Странно, но мы никогда не говорили о детях и вместе с тем чувствовали, что без них совместная наша жизнь, равно как и жизнь каждого в отдельности, потеряет всякий смысл, что мы будто созданы для того, чтобы произвести на свет что-то лучшее, чем есть мы сами. Чего стоит хотя бы тот факт, что со времени первой нашей встречи у нас вовсе и не стоял вопрос о контрацепции, будто ее не существовало в природе. И сейчас, когда все наши попытки не дали ни малейшего результата, – а я был бы рад пусть даже и непродолжительной задержке месячных, что могло бы означать какой-то сдвиг в механизме этой куколки, мол, навертел мужик струментом, подправил – я начал выходить из себя, срывался по мелочам, в постели меня охватывали приступы ярости – я вспарывал, долбил, буровил, но все напрасно. Более всего, однако, меня бесило невероятное равнодушие моей подруги. Эта сука просто издевалась надо мной. Я думаю, что где-то внутри себя она знала о моей немощи. Это был своего рода эксперимент, и бесстрастности моей ученой леди позавидовали бы стоики. Каждый раз, когда я пускал ее в галоп, подгоняя звонкими шлепками, заламывал руки, таскал за волосы, каждый раз, когда я рвал ее в бешенстве без всяких лубрикатов – она демонстрировала чудеса атараксии.

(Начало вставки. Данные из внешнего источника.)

(* Let $F$ be a set of fields. The following are equivalent: (1) every simple matroid that is representable over all fields in $F$ has a unique minimal tropical basis; (2) the binary field $\mathbb F_2$ is in $F$.
   Context: A matroid $M=([n],\mathscr C)$ is given by its circuit set $\mathscr C$. It is simple if every circuit has cardinality greater than $2$. It is representable over a field $K$ if it is isomorphic to the matroid whose circuits are the minimal linearly dependent subsets of a finite set of vectors in a $K$-vector space. Let ${\bf TP}^{n-1}$ be the tropical projective space over $(\mathbb R\cup\{-\infty\},\max,+)$. For a circuit $C$, $V(C)$ is the set of $x\in{\bf TP}^{n-1}$ such that $\max\{x_i : i\in C\}$ is attained at least twice. For $B\subseteq\mathscr C$, set $V(B)=\bigcap_{C\in B}V(C)$. A subset $B\subseteq\mathscr C$ is a tropical basis if $V(B)=V(\mathscr C)$. It is a minimal tropical basis if no proper subset of it is a tropical basis. *)

From Stdlib Require Import Rdefinitions.
From HB Require Import structures.
From mathcomp Require Import all_boot all_order all_algebra.
Set Implicit Arguments. Unset Strict Implicit. Unset Printing Implicit Defensive.
Import GRing.Theory.

Definition is_matroid_circuits (n : nat) (circ : {set {set 'I_n}}) : Prop :=
  [/\ set0 \notin circ,
      (forall C1 C2, C1 \in circ -> C2 \in circ -> C1 \subset C2 -> C1 = C2) &
      (forall C1 C2 e, C1 \in circ -> C2 \in circ -> C1 <> C2 ->
         e \in C1 :&: C2 ->
         exists2 C3, C3 \in circ & C3 \subset (C1 :|: C2) :\ e)].

Definition simple_matroid (n : nat) (circ : {set {set 'I_n}}) : Prop :=
  forall C, C \in circ -> 2 < #|C|.

Definition vdependent (K : fieldType) (d n : nat) (v : 'I_n -> 'rV[K]_d)
  (S : {set 'I_n}) : bool :=
  ~~ free [seq v i | i in S].

(* Representable over K: circuits are (up to relabelling of [n], absorbed in the
   choice of the indexing) the minimal linearly dependent subsets of a finite
   family of vectors in a finite-dimensional K-vector space. *)
Definition representable (K : fieldType) (n : nat) (circ : {set {set 'I_n}}) : Prop :=
  exists (d : nat) (v : 'I_n -> 'rV[K]_d),
    circ = [set S | minset (vdependent v) S].

(* Tropical semiring values: None = -oo, Some r = r. *)
Definition tle (a b : option R) : Prop :=
  match a, b with
  | None, _ => True
  | Some _, None => False
  | Some x, Some y => Rle x y
  end.

(* Points of TP^{n-1} are represented by vectors in (R u {-oo})^n not all -oo;
   all sets below are invariant under tropical scaling, so we work with
   representatives. *)
Definition TPpoint (n : nat) (x : 'I_n -> option R) : Prop :=
  exists i, x i <> None.

Definition inV (n : nat) (C : {set 'I_n}) (x : 'I_n -> option R) : Prop :=
  exists i j, [/\ i \in C, j \in C, i <> j, x i = x j &
                  forall k, k \in C -> tle (x k) (x i)].

Definition inVset (n : nat) (B : {set {set 'I_n}}) (x : 'I_n -> option R) : Prop :=
  forall C, C \in B -> inV C x.

Definition tropical_basis (n : nat) (circ B : {set {set 'I_n}}) : Prop :=
  B \subset circ /\
  (forall x, TPpoint x -> (inVset B x <-> inVset circ x)).

Definition minimal_tropical_basis (n : nat) (circ B : {set {set 'I_n}}) : Prop :=
  tropical_basis circ B /\
  (forall B' : {set {set 'I_n}}, B' \proper B -> ~ tropical_basis circ B').

Definition iso_F2 (K : fieldType) : Prop :=
  exists f : {rmorphism 'F_2 -> K}, bijective f.

(* A point x lies outside V(C) exactly when the upper level set S of x at
   max_C x meets C in a single element, and then x lies outside V(D) for every
   circuit D meeting S once; the points equal to 0 on S and -oo elsewhere
   realise every such S.  Hence B is a tropical basis iff every set met exactly
   once by some circuit is met exactly once by a circuit of B.  A circuit that,
   for some S, is the only circuit meeting S once lies in every tropical basis;
   when these essential circuits form a tropical basis, it is the unique minimal
   one.
   They do for a simple matroid represented over F_2: a smallest circuit C with
   C :&: S = {e} is the only circuit meeting the complement of C - e exactly
   once, because the symmetric difference of two circuits contains a circuit
   through each of its elements, and simplicity rules out circuits of size two.
   If no field of F is F_2, every field of F has an element a outside {0, 1}
   and represents U_{2,4}, whose circuits are the complements of points, by
   (1,0), (1,1), (1,a), (0,1); deleting any one circuit of U_{2,4} leaves a
   minimal tropical basis. *)

From Stdlib Require Import Classical RIneq.
From mathcomp Require Import all_boot all_order all_algebra.
From HB Require Import structures.
From mathcomp Require Import zify ring.
Set Implicit Arguments. Unset Strict Implicit. Unset Printing Implicit Defensive.
Import GRing.Theory.

Lemma tle_refl a : tle a a.
Proof. by case: a => [y|] //=; apply: Rle_refl. Qed.

Lemma tle_trans a b c : tle a b -> tle b c -> tle a c.
Proof. by case: a => [y|]; case: b => [z|]; case: c => [w|] //=; apply: Rle_trans. Qed.

Lemma tle_anti a b : tle a b -> tle b a -> a = b.
Proof. by case: a => [y|]; case: b => [z|] //= yz zy; rewrite (Rle_antisym _ _ yz zy). Qed.

Lemma tle_total a b : tle a b \/ tle b a.
Proof.
case: a => [y|]; case: b => [z|] /=; try by [left | right].
by case: (Rle_or_lt y z) => [|/Rlt_le]; [left | right].
Qed.

Definition tleb (a b : option R) : bool :=
  match a, b with
  | None, _ => true
  | Some _, None => false
  | Some y, Some z => if Rle_dec y z then true else false
  end.

Lemma tlebP a b : reflect (tle a b) (tleb a b).
Proof.
case: a => [y|]; case: b => [z|] /=; try by constructor.
by case: Rle_dec; constructor.
Qed.

Lemma exists_tle_max (T : eqType) (x : T -> option R) (s : seq T) :
  s != [::] -> exists2 i, i \in s & forall k, k \in s -> tle (x k) (x i).
Proof.
elim: s => [//|a s IHs] _.
have [-> | /IHs[i is_i max_i]] := eqVneq s [::].
  by exists a; rewrite ?mem_head // => k /[!inE] /eqP ->; apply: tle_refl.
have [ai | ia] := tle_total (x a) (x i).
  by exists i; rewrite ?inE ?is_i ?orbT // => k /[!inE] /orP[/eqP -> | /max_i].
exists a; rewrite ?mem_head // => k /[!inE] /orP[/eqP -> | /max_i ki].
  exact: tle_refl.
exact: tle_trans ki ia.
Qed.

Section TropicalHypersurfaces.

Variable n : nat.
Implicit Types (C D S : {set 'I_n}) (B : {set {set 'I_n}}) (x : 'I_n -> option R).

Definition single_meet C S : bool := #|C :&: S| == 1%N.

Definition no_single_meet B S : bool := [forall C in B, ~~ single_meet C S].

Но не в постели было дело – просто она никак не выказывала, что чрезвычайно расстроена тем фактом, что у нее нет детей, что она готова работать в этом направлении, то есть, по крайней мере внешне, ее предполагаемое беспокойство никак не проявлялось. В консультацию она ходила регулярно, сменила доктора, но тот, как и предыдущий, не нашел ничего страшного – так, пустяки, небольшая эрозия шейки матки (нужно быть осторожней с бурением), которая легко лечится, и она лечилась (или делала вид). И тут я решил провериться сам. Нет, не она меня надоумила; я полагаю, что и докторам, которые могли бы посоветовать ей вариант со мной, она и словом не обмолвилась о своей проблеме. Мне же и в голову не приходило, что я болен – с ней я был полон сил и здоровья, и меня не терзали тайные предчувствия. О диагнозе нетрудно догадаться. Сказать, что я был подавлен – ничего не сказать; я утратил чувство жизни, ее смысл, ориентир. Я перестал трудиться – над женой в частности, и, будто подхватив от нее что-то, замолчал. Жена, вероятно, была счастлива. Она добилась своего.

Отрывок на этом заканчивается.